*WHAT THE TASK ASKS*
Copy the full listing exactly, word for word.

BEGIN

(* A finite simple graph on the finType T: symmetric irreflexive edge relation e.
   The vertex set V is [set: T] (nonemptiness follows from the existence of w). *)
Definition simple_graph (T : finType) (e : rel T) : Prop :=
  symmetric e /\ irreflexive e.

Definition is_module (T : finType) (e : rel T) (M : {set T}) : Prop :=
  M != set0 /\
  forall x, x \notin M -> (forall y, y \in M -> e x y) \/ (forall y, y \in M -> ~~ e x y).

Definition prime_graph (T : finType) (e : rel T) : Prop :=
  forall M : {set T}, is_module e M -> M = [set: T] \/ exists v, M = [set v].

Definition strict_linear_order (T : finType) (r : rel T) : Prop :=
  irreflexive r /\ transitive r /\ (forall u v, u != v -> r u v || r v u).

Definition realizer (T : finType) (e : rel T) (lt1 lt2 : rel T) : Prop :=
  strict_linear_order lt1 /\ strict_linear_order lt2 /\
  forall u v, u != v ->
    (e u v <-> (lt1 u v && lt2 v u) || (lt1 v u && lt2 u v)).

Definition tclosure (T : finType) (r : rel T) : rel T :=
  fun u v => [exists x, r u x && connect r x v].

Definition tclosure2 (T : finType) (p : rel T * rel T) : rel T * rel T :=
  (tclosure p.1, tclosure p.2).

Definition Eclosure (T : finType) (e : rel T) (p : rel T * rel T) : rel T * rel T :=
  let l1 := p.1 in let l2 := p.2 in
  ((fun a b => [|| l1 a b, l2 b a && e a b | l2 a b && ~~ e a b]),
   (fun a b => [|| l2 a b, l1 b a && e a b | l1 a b && ~~ e a b])).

END

*FINISHED EXERCISE*
(* A finite simple graph on the finType T: symmetric irreflexive edge relation e.
   The vertex set V is [set: T] (nonemptiness follows from the existence of w). *)
Definition simple_graph (T : finType) (e : rel T) : Prop :=
  symmetric e /\ irreflexive e.

Definition is_module (T : finType) (e : rel T) (M : {set T}) : Prop :=
  M != set0 /\
  forall x, x \notin M -> (forall y, y \in M -> e x y) \/ (forall y, y \in M -> ~~ e x y).

Definition prime_graph (T : finType) (e : rel T) : Prop :=
  forall M : {set T}, is_module e M -> M = [set: T] \/ exists v, M = [set v].

Definition strict_linear_order (T : finType) (r : rel T) : Prop :=
  irreflexive r /\ transitive r /\ (forall u v, u != v -> r u v || r v u).

Definition realizer (T : finType) (e : rel T) (lt1 lt2 : rel T) : Prop :=
  strict_linear_order lt1 /\ strict_linear_order lt2 /\
  forall u v, u != v ->
    (e u v <-> (lt1 u v && lt2 v u) || (lt1 v u && lt2 u v)).

Definition tclosure (T : finType) (r : rel T) : rel T :=
  fun u v => [exists x, r u x && connect r x v].

Definition tclosure2 (T : finType) (p : rel T * rel T) : rel T * rel T :=
  (tclosure p.1, tclosure p.2).

Definition Eclosure (T : finType) (e : rel T) (p : rel T * rel T) : rel T * rel T :=
  let l1 := p.1 in let l2 := p.2 in
  ((fun a b => [|| l1 a b, l2 b a && e a b | l2 a b && ~~ e a b]),
   (fun a b => [|| l2 a b, l1 b a && e a b | l1 a b && ~~ e a b])).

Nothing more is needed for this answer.